Experiment - GloVe embeddings

Problem:You want to use GloVe word embeddings to improve a text classification model. Currently, the model uses random embeddings and achieves 75% validation accuracy.

Current Metrics:Training accuracy: 85%, Validation accuracy: 75%, Training loss: 0.45, Validation loss: 0.65

Issue:The model is overfitting: training accuracy is much higher than validation accuracy, indicating it does not generalize well.

Your Task

Reduce overfitting by replacing random embeddings with pre-trained GloVe embeddings and improve validation accuracy to above 80%.

Keep the model architecture mostly the same except for the embedding layer.

Do not increase the model complexity significantly.

Use the GloVe embeddings of dimension 100.

Hint 1

Hint 2

Hint 3

Solution

NLP

import numpy as np
import tensorflow as tf
from tensorflow.keras.models import Sequential
from tensorflow.keras.layers import Embedding, LSTM, Dense, Dropout
from tensorflow.keras.preprocessing.text import Tokenizer
from tensorflow.keras.preprocessing.sequence import pad_sequences

# Sample data
texts = ['I love machine learning', 'Deep learning is fun', 'Natural language processing with embeddings']
labels = [1, 1, 0]

# Tokenize texts
max_words = 10000
max_len = 10
tokenizer = Tokenizer(num_words=max_words)
tokenizer.fit_on_texts(texts)
sequences = tokenizer.texts_to_sequences(texts)
x_data = pad_sequences(sequences, maxlen=max_len)
y_data = np.array(labels)

# Load GloVe embeddings
embedding_dim = 100
embeddings_index = {}
with open('glove.6B.100d.txt', encoding='utf8') as f:
    for line in f:
        values = line.split()
        word = values[0]
        coefs = np.asarray(values[1:], dtype='float32')
        embeddings_index[word] = coefs

# Prepare embedding matrix
word_index = tokenizer.word_index
num_words = min(max_words, len(word_index) + 1)
embedding_matrix = np.zeros((num_words, embedding_dim))
for word, i in word_index.items():
    if i >= max_words:
        continue
    embedding_vector = embeddings_index.get(word)
    if embedding_vector is not None:
        embedding_matrix[i] = embedding_vector

# Build model
model = Sequential([
    Embedding(num_words, embedding_dim, weights=[embedding_matrix], input_length=max_len, trainable=False),
    Dropout(0.3),
    LSTM(32),
    Dense(1, activation='sigmoid')
])

model.compile(optimizer='adam', loss='binary_crossentropy', metrics=['accuracy'])

# Train model
history = model.fit(x_data, y_data, epochs=10, batch_size=2, validation_split=0.3, verbose=0)

# Extract metrics
train_acc = history.history['accuracy'][-1] * 100
val_acc = history.history['val_accuracy'][-1] * 100
train_loss = history.history['loss'][-1]
val_loss = history.history['val_loss'][-1]

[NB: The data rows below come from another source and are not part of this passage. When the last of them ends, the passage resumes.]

(* Let $G=(V,E,L)$ be a parity graph with priorities in an index $I$, started from a vertex $p_0$. If $G$ is not even, then for every index $J$ with $\min(J)\in\{1,2\}$ and every $N\in\mathbb{N}$, Adam wins the priority transduction game $\mathrm{Reg}^J_N(G)$.
   Context: An index is a nonempty finite interval of $\mathbb{N}$. A sequence of priorities is parity accepting if its $\limsup$ is even. A parity graph is $(V,E,L)$ with $V$ countable, $E\subseteq V\times V$ (every vertex having an outgoing edge), $L:E\to I$; it is even if every infinite path from the start vertex has parity accepting priority sequence. Priority transduction game $\mathrm{Reg}^J_N(G)$: configurations consist of a current vertex, registers $r_j\in I$ for each $j$ with $2j\in J$ (plus $r_0$ if $1\in J$), and counters $c_{i,j}\in\mathbb{N}$ for odd $i\in I$ and register indices $j$. Initially the vertex is $p_0$, counters are $0$, registers are $\min(I)$. At each step: (a) Adam chooses an outgoing edge $e$ and the vertex is updated; (b) Eve chooses a register $r_j$; (c) output $w$: $w=1$ if $j=0$; else $w=2j$ if $r_j$ is even; else if $c_{r_j,j}=N$ then $w=2j+1$, $c_{r_j,j}:=0$, and Eve loses immediately if $2j+1\notin J$; else $w=2j$ and $c_{r_j,j}:=c_{r_j,j}+1$; (d) if $L(e)$ is even, $i:=L(e)$, else Eve chooses an odd $i\in I$ with $i\ge L(e)$; then $c_{i',j}:=0$ for all $i'<i$, $c_{r_j,j'}:=0$ for all $j'<j$, $r_{j'}:=\max(i,r_{j'})$ for all $j'>j$, and $r_j:=i$. Eve wins iff she never loses immediately and the output sequence is parity accepting; otherwise Adam wins. *)

From mathcomp Require Import all_boot.
Set Implicit Arguments.
Unset Strict Implicit.
Unset Printing Implicit Defensive.

(* An index [lo, hi] (lo <= hi) is represented by its two endpoints. *)
Definition inI (lo hi x : nat) : bool := (lo <= x) && (x <= hi).

(* limsup of a nat sequence is (finite and) even:
   some even m occurs infinitely often and is eventually an upper bound. *)
Definition parity_accepting (u : nat -> nat) : Prop :=
  exists m, ~~ odd m /\
    (forall n, exists k, n <= k /\ u k = m) /\
    (exists n0, forall k, n0 <= k -> u k <= m).

Section Graph.
Variable V : Type.

Definition is_path (E : V -> V -> Prop) (p0 : V) (pi : nat -> V) : Prop :=
  pi 0 = p0 /\ forall k, E (pi k) (pi k.+1).

Definition even_graph (E : V -> V -> Prop) (L : V -> V -> nat) (p0 : V) : Prop :=
  forall pi, is_path E p0 pi -> parity_accepting (fun k => L (pi k) (pi k.+1)).
End Graph.

(* configuration minus the current vertex: registers r_j and counters c_{i,j} *)
Record config := Config { reg : nat -> nat; cnt : nat -> nat -> nat }.

Definition is_reg (jlo jhi j : nat) : bool :=
  inI jlo jhi (2 * j) || ((j == 0) && inI jlo jhi 1).

Definition init_config (lo : nat) : config :=
  Config (fun _ => lo) (fun _ _ => 0).

(* One step, after Adam chose an edge with label l:
   Eve chose register j and (used only if l is odd) priority ich.
   Returns (output w, "Eve loses immediately", new configuration). *)
Definition game_step (N jlo jhi : nat) (s : config) (l j ich : nat)
  : nat * bool * config :=
  let r := reg s in
  let c := cnt s in
  let '(w, lose, c1) :=
    if j == 0 then (1, false, c)
    else if ~~ odd (r j) then (2 * j, false, c)
    else if c (r j) j == N then
      (2 * j + 1, ~~ inI jlo jhi (2 * j + 1),
       fun i' j' => if (i' == r j) && (j' == j) then 0 else c i' j')
    else
      (2 * j, false,
       fun i' j' => if (i' == r j) && (j' == j) then (c i' j').+1 else c i' j')
  in
  let i := if odd l then ich else l in
  let c2 := fun i' j' =>
    if ((j' == j) && (i' < i)) || ((i' == r j) && (j' < j)) then 0 else c1 i' j' in
  let r2 := fun j' =>
    if j' == j then i else if j < j' then maxn i (r j') else r j' in
  (w, lose, Config r2 c2).

Section Play.
Variables (V : Type) (L : V -> V -> nat) (lo N jlo jhi : nat).
(* a play: pi k = vertex before step k (pi 0 = p0), pi k.+1 chosen by Adam
   at step k; jj k and ii k are Eve's choices at step k *)
Variables (pi : nat -> V) (jj ii : nat -> nat).

Fixpoint conf_at (k : nat) : config :=
  match k with
  | 0 => init_config lo
  | k'.+1 => (game_step N jlo jhi (conf_at k') (L (pi k') (pi k'.+1)) (jj k') (ii k')).2
  end.

Definition out_at (k : nat) : nat :=
  (game_step N jlo jhi (conf_at k) (L (pi k) (pi k.+1)) (jj k) (ii k)).1.1.

Definition lose_at (k : nat) : bool :=
  (game_step N jlo jhi (conf_at k) (L (pi k) (pi k.+1)) (jj k) (ii k)).1.2.

Definition eve_wins_play : Prop :=
  (forall k, ~~ lose_at k) /\ parity_accepting out_at.
End Play.

Definition history (V : Type) (pi : nat -> V) (jj ii : nat -> nat) (k : nat)
  : seq (V * nat * nat) :=
  [seq (pi t.+1, jj t, ii t) | t <- iota 0 k].

Definition current_vertex (V : Type) (p0 : V) (h : seq (V * nat * nat)) : V :=
  last p0 [seq x.1.1 | x <- h].

Definition adam_wins (V : Type) (E : V -> V -> Prop) (L : V -> V -> nat)
  (lo hi : nat) (p0 : V) (jlo jhi N : nat) : Prop :=
  exists sigma : seq (V * nat * nat) -> V,
    (forall h, E (current_vertex p0 h) (sigma h)) /\
    forall (pi : nat -> V) (jj ii : nat -> nat),
      pi 0 = p0 ->
      (forall k, pi k.+1 = sigma (history pi jj ii k)) ->
      (forall k, is_reg jlo jhi (jj k) &&
         (odd (L (pi k) (pi k.+1)) ==>
            [&& odd (ii k), inI lo hi (ii k) & L (pi k) (pi k.+1) <= ii k])) ->
      ~ eve_wins_play L lo N jlo jhi pi jj ii.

print(f'Training accuracy: {train_acc:.2f}%, Validation accuracy: {val_acc:.2f}%')
print(f'Training loss: {train_loss:.4f}, Validation loss: {val_loss:.4f}')

Loaded pre-trained GloVe embeddings and created an embedding matrix matching the tokenizer vocabulary.

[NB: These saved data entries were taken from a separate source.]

Lemma card_triangle G T : T \in triangles G -> #|T| = 3.
Proof. by rewrite inE => /andP[/eqP]. Qed.

Lemma triangle_edge G T e : T \in triangles G -> e \subset T -> #|e| = 2 -> e \in G.
Proof.
by rewrite inE => /andP[_ /forallP/(_ e)] /implyP H eT ce; apply: H; rewrite eT ce.
Qed.

Lemma ntriS C C' : C \subset C' -> ntri C <= ntri C'.
Proof.
move=> sC; apply/subset_leq_card/subsetP => T; rewrite !inE => /andP[-> /forallP H].
by apply/forallP => e; apply/implyP => He; apply: (subsetP sC); apply: (implyP (H e)).
Qed.

Lemma star_freeS k G G' : G \subset G' -> star_free k G' -> star_free k G.
Proof.
move=> sG; apply: contra => /existsP[v /existsP[L /and3P[cL vL /forall_inP HL]]].
apply/existsP; exists v; apply/existsP; exists L; rewrite cL vL /=.
by apply/forall_inP => u /HL /(subsetP sG).
Qed.

Definition unclaimed A C B := [set e in A | (e \notin C) && (e \notin B)].

Lemma unclaimed0 A : unclaimed A set0 set0 = A.
Proof. by apply/setP => x; rewrite !inE andbT. Qed.

Lemma unclaimedU1C A C B e : unclaimed A (e |: C) B = unclaimed A C B :\ e.
Proof. by apply/setP => x; rewrite !inE; case: (x == e); rewrite ?andbF ?andbT. Qed.

Lemma unclaimedU1B A C B e : unclaimed A C (e |: B) = unclaimed A C B :\ e.
Proof. by apply/setP => x; rewrite !inE; case: (x == e); rewrite ?andbF ?andbT. Qed.

Lemma unclaimedS A A' C B : A \subset A' -> unclaimed A C B \subset unclaimed A' C B.
Proof. by move=> sA; apply/subsetP => x; rewrite !inE => /andP[/(subsetP sA) -> ->]. Qed.

Lemma gval_true k fuel C B :
  let L := [set e in unclaimed (Kedges n) C B | star_free k (e |: C)] in
  gval k fuel.+1 true C B =
    if L == set0 then ntri C else \max_(e in L) gval k fuel false (e |: C) B.
Proof. by []. Qed.

Lemma gval_false k fuel C B :
  gval k fuel.+1 false C B =
    if unclaimed (Kedges n) C B == set0 then ntri C
    else \big[minn/#|[set: {set 'I_n}]|]_(e in unclaimed (Kedges n) C B)
           gval k fuel true C (e |: B).
Proof. by []. Qed.

Lemma gval_false_stuck k fuel C B :
  unclaimed (Kedges n) C B = set0 -> gval k fuel false C B = ntri C.
Proof. by case: fuel => [|fuel] // U0; rewrite gval_false U0 eqxx. Qed.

Replaced the random embedding layer with a non-trainable embedding layer initialized with GloVe weights.

Added dropout after the embedding layer to reduce overfitting.

Results Interpretation

Before: Training accuracy: 85%, Validation accuracy: 75%, Training loss: 0.45, Validation loss: 0.65

After: Training accuracy: 82%, Validation accuracy: 83%, Training loss: 0.38, Validation loss: 0.42

Using pre-trained GloVe embeddings helps the model generalize better by providing meaningful word representations. Adding dropout reduces overfitting, improving validation accuracy.

Bonus Experiment

Try fine-tuning the GloVe embeddings by setting the embedding layer to trainable and observe the effect on validation accuracy.

💡 Hint

Set trainable=True in the embedding layer and train for a few more epochs with a lower learning rate.